[Mesa-dev] [PATCH 00/41] Welcome back Matt!
Jason Ekstrand
jason at jlekstrand.net
Sat Sep 20 10:25:55 PDT 2014
One more quick note. If you find it nicer, the whole thing can be found
here:
http://cgit.freedesktop.org/~jekstrand/mesa/tree/?h=kill-mrf-v1
On Sat, Sep 20, 2014 at 10:22 AM, Jason Ekstrand <jason at jlekstrand.net>
wrote:
> This series does a bunch of refactoring of the i965 fs backend IR to add
> concepts of register width and instruction execution size. There's more to
> be done yet, but this gets us most of the way there. It also removes the
> assumption that scalar values are always 1 register in SIMD8 and 2
> registers in SIMD16. In particular, we get the following:
>
> 1) No more assumption about everything being 1 register. This allows us
> to allocate odd numbers of registers in SIMD16 which is needed for some
> payloads. Also, it should make implementing fp64 much easier because
> we can now sanely registers of size 2 in SIMD8 and size 4 in SIMD16.
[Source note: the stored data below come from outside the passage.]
Lemma boolean_subgroup_double H a :
    boolean_subgroup H -> a \in U -> a \notin H ->
  exists H', [/\ boolean_subgroup H', H \subset H', a \in H' & #|H'| = 2 * #|H|].
Proof.
case: (bgU) => eU clU opA opC op1 _ [sHU eH clH] aU aNH.
have HU : {subset H <= U} by apply/subsetP.
set aH := [set op a h | h in H].
have disj : [disjoint H & aH].
  rewrite -setI_eq0; apply/eqP/setP => x; rewrite !inE.
  apply/negbTE/andP => -[xH /imsetP[h hH x_eq]].
  have : op h x \in H by rewrite clH.
  by rewrite x_eq (opC a h aU (HU h hH)) (bg_opK (HU h hH) aU); exact/negP.
have card_aH : #|aH| = #|H|.
  apply: card_in_imset => h h' hH h'H eq_ah.
  by rewrite -(bg_opK aU (HU h hH)) eq_ah (bg_opK aU (HU h' h'H)).
have aHU : aH \subset U.
  by apply/subsetP => _ /imsetP[h hH ->]; exact: clU aU (HU h hH).
have opaH x h : x \in H -> h \in H -> op x (op a h) = op a (op x h).
  by move=> xH hH; exact: bg_opCA (HU x xH) aU (HU h hH).
exists (H :|: aH); split; last first.
- by rewrite mul2n -addnn -{2}card_aH; apply/eqP; rewrite (leq_card_setU _ _).2.
- by apply/setUP; right; apply/imsetP; exists e; rewrite // opC ?op1.
- exact: subsetUl.
split; [by rewrite subUset sHU | by rewrite inE eH |].
move=> x y; rewrite !inE => /orP[xH|/imsetP[h hH ->]] /orP[yH|/imsetP[h' h'H ->]].
- by rewrite clH.
- by apply/orP; right; rewrite opaH // imset_f ?clH.
- have hU := HU h hH; have yU := HU y yH.
  by apply/orP; right; rewrite opC ?clU // opaH // imset_f ?clH.
- have hU := HU h hH; have h'U := HU h' h'H.
  by apply/orP; left; rewrite -opA ?clU // opaH // bg_opK ?clU // clH.
Qed.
> There's a little more work to be don there, but this should take care
> of a lot of it.
>
> 2) We can now do other instruction widths with relative ease. The
> compiler now detects, based on register widths, the execution size of
> the instruction and passes it down to the generator. One example of
> this is the patches in this series for UNTYPED_ATOMIC and
> UNTYPED_SURFACE_READ where part of setting up the payload is to do an
> 8-wide move to fill a register with 0 and then a 1-wide move to set one
> particular component. We can now simply do this at the fs level and it
> will be get translated down to the correct assembly and properly
> handled by the compiler optimizations. There is more work to be done
> here at the generator level, but this series is already long enough
>
> 3) Thanks to the above mentioned things, we can easily do send from GRF
> for FB writes. One of the major blockers here before was that the
> beginning of the FB write message was anywhere between 0 and 4
> registers regardless of whether you are in SIMD8 or SIMD16. Due to the
> implicit register doubling in SIMD16, it would have been a real pain to
> implement this properly. Now, it's trivial.
>
> I could go on about other changes, but those are the major ones.
>
> The requisite Shader DB results:
>
> total instructions in shared programs: 4999994 -> 4971746 (-0.56%)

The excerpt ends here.